How do I get Ubuntu to figure out the interfaces available on my computer and generate a new /etc/network/interfaces file? It created it the first time so I know it can somehow.

Is there something like dpkg-reconfigure <what?> that would just recheck for me?

  • 1
    What would you want this for?
    – Zoredache
    Jul 1, 2010 at 1:35
  • I'm +1-ing this question because we need non-linux people to be able to configure networks for our appliance. Something e.g. curses based that makes it easy is what I'm looking for... Jan 13, 2012 at 9:53

3 Answers 3


in ubuntu 14.04.1 THIS happens if you clone a system to other hardware as /etc/udev/rules.d/70-persistent-net.rules contains MAC address's of ethernet hardware on the source computer.

YES - just deleting /etc/udev/rules.d/70-persistent-net.rules allows things to be refreshed to a working state at reboot.

  • 2
    Only true if using the legacy eth0 style network names. With the new 'predictable network interface names' introduced around ubuntu15.10 the 70-perisistent-net.rules trick no longer applies.
    – spuder
    Jan 18, 2017 at 18:13

/etc/network/interfaces is generated by the actual installer, not any of the packages on your system:

opus:~ broder$ dpkg -S /etc/network/interfaces
dpkg: /etc/network/interfaces not found.

Because it's not managed by any particular package, no package is going to modify the file.

If you want to add new interfaces to /etc/network/interfaces, you have to do that manually.
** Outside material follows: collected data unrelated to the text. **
Definition supp_sub (R : realType) (n : nat) (p q : 'I_n -> R) : Prop :=
  forall i, 0 < p i -> 0 < q i.

Definition vdist (R : realType) (n : nat) (p q : 'I_n -> R) : R :=
  2^-1 * \sum_(i < n) `|p i - q i|.

Definition dotp (R : realType) (n : nat) (p v : 'I_n -> R) : R :=
  \sum_(i < n) p i * v i.

From mathcomp Require Import all_boot all_order all_algebra.
From mathcomp Require Import reals exp sequences.
From mathcomp Require Import ring lra.
Set Implicit Arguments. Unset Strict Implicit. Unset Printing Implicit Defensive.
Import Order.TTheory GRing.Theory Num.Theory.
Local Open Scope ring_scope.

(* Let x be the part of pt supported on L, a sub-measure of pt of mass M = 1 - beta.
   For a sign vector s, [shifted pt x s Delta] moves mass 3 Delta inside x from the
   coordinates of sign -1 to those of sign +1, proportionally to x; it is at variation
   distance exactly 3 Delta from pt.  Its dot product with each v_a grows by at most eps,
   and its distance to each p_b drops by less than Delta, as soon as a few signed sums
   sum_i a_i s_i are small.  Because sum_i x_i^2 <= M^2/S, Hoeffding's bound shows that
   each of these n^2 + 2 + k2 requirements fails for at most a fraction n^-4, resp.
   n^(-29 (Delta/eps)^2), of all sign vectors, so by a union bound some sign vector
   satisfies all of them. *)

Definition bsign {R : numDomainType} (b : bool) : R := if b then 1 else -1.

Lemma normr_bsign (R : numDomainType) (b : bool) : `|bsign b : R| = 1.
Proof. by case: b; rewrite /= ?normrN normr1. Qed.

Lemma sqr_bsign (R : numDomainType) (b : bool) : (bsign b : R) ^+ 2 = 1.
Proof. by case: b; rewrite /= ?sqrrN expr1n. Qed.

Section Hoeffding.
Variable R : realType.

Lemma expR_add_expRN_le_small (y : R) : `|y| <= 4^-1 ->
  expR y + expR (- y) <= 2 * expR (16/15 * y ^+ 2).
Proof.
rewrite ler_norml => /andP[y_ge y_le].
have expR_le_inv (z : R) : z < 1 -> expR z <= (1 - z)^-1.
  move=> z_lt1; rewrite -div1r ler_pdivlMr ?subr_gt0 // mulrC.
  by have := ler_wpM2r (expR_ge0 z) (expR_ge1Dx (- z)); rewrite -expRD addNr expR0.
apply: le_trans (lerD (expR_le_inv y _) (expR_le_inv (- y) _)) _; try lra.
apply: le_trans (ler_wpM2l _ (expR_ge1Dx (16/15 * y ^+ 2))); last lra.
have -> : (1 - y)^-1 + (1 - - y)^-1 = 2 / ((1 - y) * (1 + y)).
  by field; rewrite !lt0r_neq0 //; lra.
have y_sq : y ^+ 2 <= 16^-1 by rewrite expr2; nra.
rewrite ler_pdivrMr; [nra | rewrite mulr_gt0 //; lra].
Qed.

(* The doubling identity e^{2z} + e^{-2z} = (e^z + e^{-z})^2 - 2 reduces to the
   case |y| <= 1/4. *)
Lemma expR_add_expRN_le (y : R) :
  expR y + expR (- y) <= 2 * expR (16/15 * y ^+ 2).
Proof.
suff doubling (k : nat) (z : R) : `|z| <= 2 ^+ k / 4 ->
    expR z + expR (- z) <= 2 * expR (16/15 * z ^+ 2).
  apply: (doubling (Num.bound `|4 * y|)).
  have := archi_boundP (normr_ge0 (4 * y)); set m := Num.bound _ => ym.
  have m_le : (m%:R : R) <= 2 ^+ m.
    by rewrite -natrX ler_nat; apply/ltnW/ltn_expl.
  rewrite normrM (ger0_norm (_ : (0 : R) <= 4)) // in ym.
  rewrite ler_pdivlMr //; lra.
elim: k z => [|k IHk] z z_le; first by apply: expR_add_expRN_le_small; lra.
have half_le : `|z / 2| <= 2 ^+ k / 4.
  rewrite normrM (ger0_norm (_ : (0 : R) <= 2^-1)) ?invr_ge0 //.
  by move: z_le; rewrite exprS; lra.
have IH := IHk _ half_le.
rewrite (_ : z = z / 2 * 2); last by field.
set u := z / 2 in IH *.
have -> : expR (u * 2) + expR (- (u * 2)) = (expR u + expR (- u)) ^+ 2 - 2.
  rewrite mulrC -mulrN !expRM_natl sqrrD -expRD addrN expR0; ring.
have -> : expR (16/15 * (u * 2) ^+ 2) = expR (16/15 * u ^+ 2) ^+ 4.
  by rewrite -expRM_natl; congr expR; ring.
set E := expR (16/15 * u ^+ 2) in IH *.
set c := expR u + expR (- u) in IH *.
have c_ge0 : 0 <= c by rewrite addr_ge0 ?expR_ge0.
have E_gt0 : 0 < E := expR_gt0 _.
have sq : c ^+ 2 <= 4 * E ^+ 2 by rewrite !expr2; nra.
have -> : E ^+ 4 = E ^+ 2 * E ^+ 2 by rewrite -exprD.
have := sqr_ge0 (E ^+ 2 - 1); nra.
Qed.

(* Chernoff's method with lam = 15 t / (32 B) and the cosh bound above. *)
Lemma card_sign_sum_ge (n : nat) (a : 'I_n -> R) (B t : R) :
  0 < B -> 0 <= t -> \sum_(i < n) a i ^+ 2 <= B ->
  #|[set s : {ffun 'I_n -> bool} | t <= \sum_(i < n) a i * bsign (s i)]|%:R
    <= 2 ^+ n * expR (- (15/64) * t ^+ 2 / B).
Proof.
move=> B_gt0 t_ge0 aB.
pose lam := 15 * t / (32 * B).
have lam_ge0 : 0 <= lam by rewrite divr_ge0 ?mulr_ge0 // ltW.
pose F (s : {ffun 'I_n -> bool}) := \prod_(i < n) expR (lam * a i * bsign (s i)).
have markov : #|[set s : {ffun 'I_n -> bool} | t <= \sum_(i < n) a i * bsign (s i)]|%:R
    <= \sum_s expR (- (lam * t)) * F s.
  rewrite -sumr_const big_mkcond /=; apply: ler_sum => s _.
  rewrite inE /F -expR_sum -expRD; case: ifP => [t_le|_]; last exact: expR_ge0.
  apply: le_trans (expR_ge1Dx _); rewrite lerDl.
  under eq_bigr do rewrite -mulrA.
  by rewrite -mulr_sumr -mulrN -mulrDr mulr_ge0 // addrC subr_ge0.
apply: (le_trans markov); rewrite -mulr_sumr /F.
rewrite -(bigA_distr_bigA (fun i b => expR (lam * a i * bsign b))) /=.
have cosh_prod : \prod_(i < n) \sum_(b : bool) expR (lam * a i * bsign b)
    <= \prod_(i < n) (2 * expR (16/15 * (lam * a i) ^+ 2)).
  apply: ler_prod => i _; rewrite sumr_ge0 => [|b _]; last exact: expR_ge0.
  by rewrite big_bool /= mulr1 mulrN1; apply: expR_add_expRN_le.
apply: le_trans (ler_wpM2l (expR_ge0 _) cosh_prod) _.
rewrite big_split /= prodr_const card_ord -expR_sum mulrCA.
rewrite ler_wpM2l ?exprn_ge0 // -expRD ler_expR.
have -> : - (15/64) * t ^+ 2 / B = - (lam * t) + 16/15 * lam ^+ 2 * B.
  by rewrite /lam; field; apply: lt0r_neq0.
rewrite lerD2l; under eq_bigr do rewrite exprMn mulrA.
by rewrite -mulr_sumr ler_wpM2l //; apply: mulr_ge0; [lra | apply: sqr_ge0].
Qed.

Lemma exists_notin_cover (T I : finType) (E : I -> {set T}) :
  \sum_(j : I) (#|E j|%:R : R) < #|T|%:R -> exists s, forall j, s \notin E j.
Proof.
move=> card_lt; have [s /forallP | uncovered] := pickP [pred s | [forall j, s \notin E j]].
  by exists s.
suff : (#|T|%:R : R) <= \sum_j #|E j|%:R by rewrite leNgt card_lt.
have cover s : 1 <= \sum_j (if s \in E j then 1 else 0 : R).
  move/negbT: (uncovered s); rewrite /= negb_forall => /existsP[j]; rewrite negbK => sE.
  by rewrite (bigD1 j) //= sE lerDl sumr_ge0 // => i _; case: ifP.
have -> : (#|T|%:R : R) = \sum_(s : T) 1 by rewrite sumr_const.
rewrite (le_trans (ler_sum _ (fun s _ => cover s))) // exchange_big /=.
by apply: ler_sum => j _; rewrite -big_mkcond sumr_const.
Qed.

Lemma exists_signs_sum_lt (n : nat) (I : finType) (a : I -> 'I_n -> R) (B t : I -> R) :
  (forall j, 0 < B j) -> (forall j, 0 <= t j) ->
  (forall j, \sum_(i < n) a j i ^+ 2 <= B j) ->
  \sum_j expR (- (15/64) * t j ^+ 2 / B j) < 1 ->
  exists s : {ffun 'I_n -> bool}, forall j, \sum_(i < n) a j i * bsign (s i) < t j.
Proof.
move=> B_gt0 t_ge0 aB sum_lt1.
pose E j := [set s : {ffun 'I_n -> bool} | t j <= \sum_(i < n) a j i * bsign (s i)].
have [|s sE] := exists_notin_cover (E := E).
  rewrite card_ffun card_bool card_ord natrX.
  apply: le_lt_trans (ler_sum _ (fun j _ => card_sign_sum_ge (B_gt0 j) (t_ge0 j) (aB j))) _.
  by rewrite -mulr_sumr -[X in _ < X]mulr1 ltr_pM2l ?exprn_gt0.
by exists s => j; move: (sE j); rewrite inE -ltNge.
Qed.
End Hoeffding.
Alternatively, if you want your network interfaces to be managed automatically by your system, I believe the official answer at this point is to use NetworkManager. NetworkManager will handle configuration for any network interface that's not listed in /etc/network/interfaces.


Try run below command

dpkg-reconfigure ifupdown


However, you are probably running into an issue with udev. If you have rebooted, and eth0 disappeared:

ifconfig -a

you can mv/rm the file in /etc/udev/rules.d/70-persistent-net.rules and reboot, and your primary ethernet card should become eth0 again.

This would happen if you switched motherboards/network cards.